What you are asked to do:
Here are the records. Write out exactly the lines between the one holding "rewrite Oxy, Nx, E2." and the one holding "Definition det4 (m11", inclusive.

Data records:

(* Let $p=(p_1,p_2,p_3,p_4)$ be an ordered quadruple of distinct points of $\partial\mathbf H^2_{\mathbb C}$ and let $X_1=X(p_1,p_2,p_3,p_4)$, $X_2=X(p_1,p_3,p_2,p_4)$, $A=\mathbb A(p_1,p_2,p_3)$. Then all four points lie on a common $\mathbb R$-circle if and only if $A=0$ and $X_1,X_2$ are positive real numbers satisfying $$-2(X_1+X_2)-2X_1X_2+X_1^2+X_2^2+1=0.$$
   Context: $\mathbb C^{2,1}$ is $\mathbb C^3$ with Hermitian form $\langle Z,W\rangle=z_1\overline{w}_3+z_2\overline{w}_2+z_3\overline{w}_1$; $\mathbf H^2_{\mathbb C}$ and $\partial\mathbf H^2_{\mathbb C}$ are the negative and null lines in $\mathbb P\mathbb C^2$. An $\mathbb R$-circle is the intersection of $\partial\mathbf H^2_{\mathbb C}$ with the closure of a totally real totally geodesic 2-plane (a copy of $\mathbf H^2_{\mathbb R}$) in $\mathbf H^2_{\mathbb C}$. With null lifts $P_i$: $X(p_1,p_2,p_3,p_4)=\dfrac{\langle P_3,P_1\rangle\langle P_4,P_2\rangle}{\langle P_4,P_1\rangle\langle P_3,P_2\rangle}$ and $\mathbb A(p_1,p_2,p_3)=\arg\bigl(-\langle P_1,P_2\rangle\langle P_2,P_3\rangle\langle P_3,P_1\rangle\bigr)\in[-\pi/2,\pi/2]$. *)

From Stdlib Require Import Reals.
From Coquelicot Require Import Coquelicot.
Open Scope R_scope.

Record vec := mkV { v1 : C; v2 : C; v3 : C }.

Definition vzero : vec := mkV 0%C 0%C 0%C.
Definition vadd (Z W : vec) : vec :=
  mkV (v1 Z + v1 W)%C (v2 Z + v2 W)%C (v3 Z + v3 W)%C.
Definition vscal (l : C) (Z : vec) : vec :=
  mkV (l * v1 Z)%C (l * v2 Z)%C (l * v3 Z)%C.

Definition herm (Z W : vec) : C :=
  (v1 Z * Cconj (v3 W) + v2 Z * Cconj (v2 W) + v3 Z * Cconj (v1 W))%C.

Definition null_vec (Z : vec) : Prop := Z <> vzero /\ herm Z Z = 0%C.

(** Lifts of the same point of P C^2. *)
Definition proj_eq (Z W : vec) : Prop := exists l : C, l <> 0%C /\ W = vscal l Z.

(** Unitary transformations of C^{2,1}: C-linear maps preserving the form
    (these are automatically injective, hence in U(2,1)). *)
Definition unitary21 (g : vec -> vec) : Prop :=
  (forall Z W, g (vadd Z W) = vadd (g Z) (g W)) /\
  (forall l Z, g (vscal l Z) = vscal l (g Z)) /\
  (forall Z W, herm (g Z) (g W) = herm Z W).

Definition real_vec (x1 x2 x3 : R) : vec := mkV (RtoC x1) (RtoC x2) (RtoC x3).

(** The boundary of the closure of the copy g(H^2_R) of the real hyperbolic
    plane (H^2_R = projectivised negative vectors of R^3): the null lines
    spanned by g x, x a nonzero real null vector. *)
Definition Rcircle_of (g : vec -> vec) (P : vec) : Prop :=
  null_vec P /\
  exists x1 x2 x3 : R, real_vec x1 x2 x3 <> vzero /\
    herm (real_vec x1 x2 x3) (real_vec x1 x2 x3) = 0%C /\
    proj_eq (g (real_vec x1 x2 x3)) P.

(** An R-circle: a set of (lifts of) boundary points which is the boundary
    of some copy g(H^2_R), g in U(2,1). *)
Definition is_Rcircle (S : vec -> Prop) : Prop :=
  exists g, unitary21 g /\ forall P, S P <-> Rcircle_of g P.

Definition crossX (P1 P2 P3 P4 : vec) : C :=
  ((herm P3 P1 * herm P4 P2) / (herm P4 P1 * herm P3 P2))%C.

(** Principal argument (atan2 convention, values in (-PI, PI]). *)
Definition carg (z : C) : R :=
  let a := Re z in let b := Im z in
  if Rlt_dec 0 a then atan (b / a)
  else if Rlt_dec a 0 then
    (if Rle_dec 0 b then atan (b / a) + PI else atan (b / a) - PI)
  else if Rlt_dec 0 b then PI / 2
  else if Rlt_dec b 0 then - (PI / 2)
  else 0.

Definition cartanA (P1 P2 P3 : vec) : R :=
  carg (- (herm P1 P2 * herm P2 P3 * herm P3 P1))%C.

Definition pos_real (z : C) : Prop := Im z = 0 /\ 0 < Re z.

(* On an R-circle the four points are lifts l_i g(x_i) of real null vectors x_i of
   R^{2,1}, so every Hermitian product is l_i conj(l_j) times the real Lorentzian
   product r_ij.  The Gram determinant of three null vectors is 2 r12 r23 r31 = -det^2,
   which makes A vanish and both cross-ratios (ratios of the r_ij) positive, while the
   Gram determinant of four vectors of R^3 vanishes: this is the quadratic relation.
   Conversely, A = 0 lets one rescale lifts of p1, p2, p3 into a unitary frame in which
   they are g(1,0,0), g(0,0,1) and g(2,2,-1); in that frame p4 is a multiple of
   g(2 X1, X1 + 1 - X2, -1), a real vector which is null exactly by the relation. *)

From Stdlib Require Import Reals Lra.
From Coquelicot Require Import Coquelicot.
Open Scope R_scope.

Lemma C_ext (a b : C) : Re a = Re b -> Im a = Im b -> a = b.
Proof. destruct a, b; simpl; intros; subst; reflexivity. Qed.

Lemma Cconj_RtoC (r : R) : Cconj (RtoC r) = RtoC r.
Proof. apply C_ext; simpl; lra. Qed.

Lemma RtoC_neq (a b : R) : a <> b -> RtoC a <> RtoC b.
Proof. intros H E. apply H. exact (f_equal Re E). Qed.

Lemma Cconj_neq_0 (z : C) : z <> RtoC 0 -> Cconj z <> RtoC 0.
Proof. intros H E. apply H. rewrite <- (Cconj_conj z), E, Cconj_RtoC. reflexivity. Qed.

Lemma Cconj_eq_0 (z : C) : Cconj z = RtoC 0 -> z = RtoC 0.
Proof. intros H. rewrite <- (Cconj_conj z), H, Cconj_RtoC. reflexivity. Qed.

Lemma Cmult_eq_0_r (a b : C) : a <> RtoC 0 -> (a * b)%C = RtoC 0 -> b = RtoC 0.
Proof. intros Ha H. replace b with (/ a * (a * b))%C by (field; exact Ha). rewrite H. ring. Qed.

Lemma Cinv_neq_0 (z : C) : z <> RtoC 0 -> Cinv z <> RtoC 0.
Proof. intros H E. apply C1_nz. rewrite <- (Cinv_l z H), E. ring. Qed.

Lemma Cdiv_mult_neq_0 (a b c d : C) : (a * b / (c * d))%C <> RtoC 0 ->
  a <> RtoC 0 /\ b <> RtoC 0 /\ c <> RtoC 0 /\ d <> RtoC 0.
Proof.
  intros H.
  assert (Cinv0 : Cinv (RtoC 0) = RtoC 0) by (apply C_ext; simpl; unfold Rdiv; ring).
  unfold Cdiv in H.
  repeat split; intro E; apply H; rewrite E, ?Cmult_0_l, ?Cmult_0_r, ?Cinv0; ring.
Qed.

Lemma RtoC_Re (z : C) : Im z = 0 -> RtoC (Re z) = z.
Proof. intros H. apply C_ext; simpl; [reflexivity | symmetry; exact H]. Qed.

Lemma carg_RtoC_pos (r : R) : 0 < r -> carg (RtoC r) = 0.
Proof.
  intros H. unfold carg. rewrite re_RtoC, im_RtoC.
  destruct (Rlt_dec 0 r); [|lra]. unfold Rdiv. rewrite Rmult_0_l. apply atan_0.
Qed.

Lemma carg_eq_0 (z : C) : z <> RtoC 0 -> carg z = 0 -> Im z = 0 /\ 0 < Re z.
Proof.
  unfold carg. intros Hz H. pose proof PI_RGT_0.
  destruct (Rlt_dec 0 (Re z)) as [Hre|Hre].
  - apply atan_eq0 in H. split; [|exact Hre].
    replace (Im z) with (Im z / Re z * Re z) by (field; lra). rewrite H. ring.
  - pose proof (atan_bound (Im z / Re z)).
    destruct (Rlt_dec (Re z) 0); [destruct (Rle_dec 0 (Im z)); lra|].
    destruct (Rlt_dec 0 (Im z)); [lra|].
    destruct (Rlt_dec (Im z) 0); [lra|].
    exfalso. apply Hz. apply C_ext; simpl; lra.
Qed.

Lemma vec_ext (a b : vec) : v1 a = v1 b -> v2 a = v2 b -> v3 a = v3 b -> a = b.
Proof. destruct a, b; simpl; intros; subst; reflexivity. Qed.

Lemma herm_conj (Z W : vec) : Cconj (herm Z W) = herm W Z.
Proof. unfold herm. rewrite !Cplus_conj, !Cmult_conj, !Cconj_conj. ring. Qed.

Lemma herm_scal_l l Z W : herm (vscal l Z) W = (l * herm Z W)%C.
Proof. unfold herm, vscal; simpl. ring. Qed.

Lemma herm_scal_r l Z W : herm Z (vscal l W) = (Cconj l * herm Z W)%C.
Proof. unfold herm, vscal; simpl. rewrite !Cmult_conj. ring. Qed.

Lemma herm_add_l Z Z' W : herm (vadd Z Z') W = (herm Z W + herm Z' W)%C.
Proof. unfold herm, vadd; simpl. ring. Qed.

Lemma herm_add_r Z W W' : herm Z (vadd W W') = (herm Z W + herm Z W')%C.
Proof. unfold herm, vadd; simpl. rewrite !Cplus_conj. ring. Qed.

(** * Real null vectors of R^{2,1} *)

Record rvec := mkR { r1 : R; r2 : R; r3 : R }.

Definition rzero : rvec := mkR 0 0 0.
Definition rscal (t : R) (x : rvec) : rvec := mkR (t * r1 x) (t * r2 x) (t * r3 x).
Definition rform (x y : rvec) : R := r1 x * r3 y + r2 x * r2 y + r3 x * r1 y.
Definition rnull (x : rvec) : Prop := rform x x = 0.
Definition embed (x : rvec) : vec := real_vec (r1 x) (r2 x) (r3 x).

Lemma rform_sym x y : rform x y = rform y x.
Proof. unfold rform; ring. Qed.

Lemma herm_embed x y : herm (embed x) (embed y) = RtoC (rform x y).
Proof.
  unfold herm, embed, real_vec, rform; simpl.
  rewrite !Cconj_RtoC, !RtoC_plus, !RtoC_mult. reflexivity.
Qed.

Lemma embed_scal t x : embed (rscal t x) = vscal (RtoC t) (embed x).
Proof. apply vec_ext; simpl; apply RtoC_mult. Qed.

Lemma embed_neq_0 x : x <> rzero -> embed x <> vzero.
Proof.
  destruct x as [a b c]. intros Hx E. apply Hx.
  injection E. intros. subst. reflexivity.
Qed.

Lemma rnull_orth_collinear x y : rnull x -> rnull y -> x <> rzero ->
  rform x y = 0 -> exists t, y = rscal t x.
Proof.
  destruct x as [a1 a2 a3], y as [b1 b2 b3]; unfold rnull, rform, rscal; simpl.
  intros Nx Ny Zx Oxy.
  destruct (Req_dec a1 0) as [Ha1|Ha1].
  - subst a1. assert (a2 = 0) by nra. subst a2.
    assert (Ha3 : a3 <> 0) by (intros ->; apply Zx; reflexivity).
    assert (b1 = 0) by (apply (Rmult_eq_reg_l a3); lra). subst b1.
    assert (b2 = 0) by nra. subst b2.
    exists (b3 / a3). f_equal; field; exact Ha3.
  - assert (E2 : a1 * b2 = a2 * b1).
    { assert (Hsq : (a1 * b2 - a2 * b1) * (a1 * b2 - a2 * b1) = 0).
      { replace ((a1 * b2 - a2 * b1) * (a1 * b2 - a2 * b1)) with
          (- 2 * a1 * b1 * (a1 * b3 + a2 * b2 + a3 * b1)
           + a1 * a1 * (b1 * b3 + b2 * b2 + b3 * b1)
           + b1 * b1 * (a1 * a3 + a2 * a2 + a3 * a1)) by ring.
        rewrite Oxy, Nx, Ny. ring. }
      nra. }
    assert (E3 : a1 * b3 = a3 * b1).
    { apply (Rmult_eq_reg_l a1); [|exact Ha1].
      replace (a1 * (a1 * b3)) with
        (a1 * (a1 * b3 + a2 * b2 + a3 * b1) - a2 * (a1 * b2 - a2 * b1)
         - b1 * (a1 * a3 + a2 * a2 + a3 * a1) + a1 * (a3 * b1)) by ring.
      rewrite Oxy, Nx, E2. ring. }
    exists (b1 / a1). f_equal; apply (Rmult_eq_reg_l a1); try exact Ha1;
      [| rewrite E2 | rewrite E3]; field; exact Ha1.
Qed.

Definition det3 (a b c d e f g h i : R) : R :=
  a * (e * i - f * h) - b * (d * i - f * g) + c * (d * h - e * g).

Definition det4 (m11 m12 m13 m14 m21 m22 m23 m24 m31 m32 m33 m34 m41 m42 m43 m44 : R) : R :=
  m11 * det3 m22 m23 m24 m32 m33 m34 m42 m43 m44
  - m12 * det3 m21 m23 m24 m31 m33 m34 m41 m43 m44
  + m13 * det3 m21 m22 m24 m31 m32 m34 m41 m42 m44
  - m14 * det3 m21 m22 m23 m31 m32 m33 m41 m42 m43.

(* [rform] has matrix of determinant -1. *)
Lemma rform_gram3 a b c :
  det3 (rform a a) (rform a b) (rform a c) (rform b a) (rform b b) (rform b c)
       (rform c a) (rform c b) (rform c c)
  = - (det3 (r1 a) (r2 a) (r3 a) (r1 b) (r2 b) (r3 b) (r1 c) (r2 c) (r3 c)) ^ 2.
Proof. unfold det3, rform; ring. Qed.

Lemma rform_gram4 a b c d :
  det4 (rform a a) (rform a b) (rform a c) (rform a d)
       (rform b a) (rform b b) (rform b c) (rform b d)
       (rform c a) (rform c b) (rform c c) (rform c d)
       (rform d a) (rform d b) (rform d c) (rform d d) = 0.
Proof. unfold det4, det3, rform; ring. Qed.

Reply to the task:
      rewrite Oxy, Nx, E2. ring. }
    exists (b1 / a1). f_equal; apply (Rmult_eq_reg_l a1); try exact Ha1;
      [| rewrite E2 | rewrite E3]; field; exact Ha1.
Qed.

Definition det3 (a b c d e f g h i : R) : R :=
  a * (e * i - f * h) - b * (d * i - f * g) + c * (d * h - e * g).

Definition det4 (m11 m12 m13 m14 m21 m22 m23 m24 m31 m32 m33 m34 m41 m42 m43 m44 : R) : R :=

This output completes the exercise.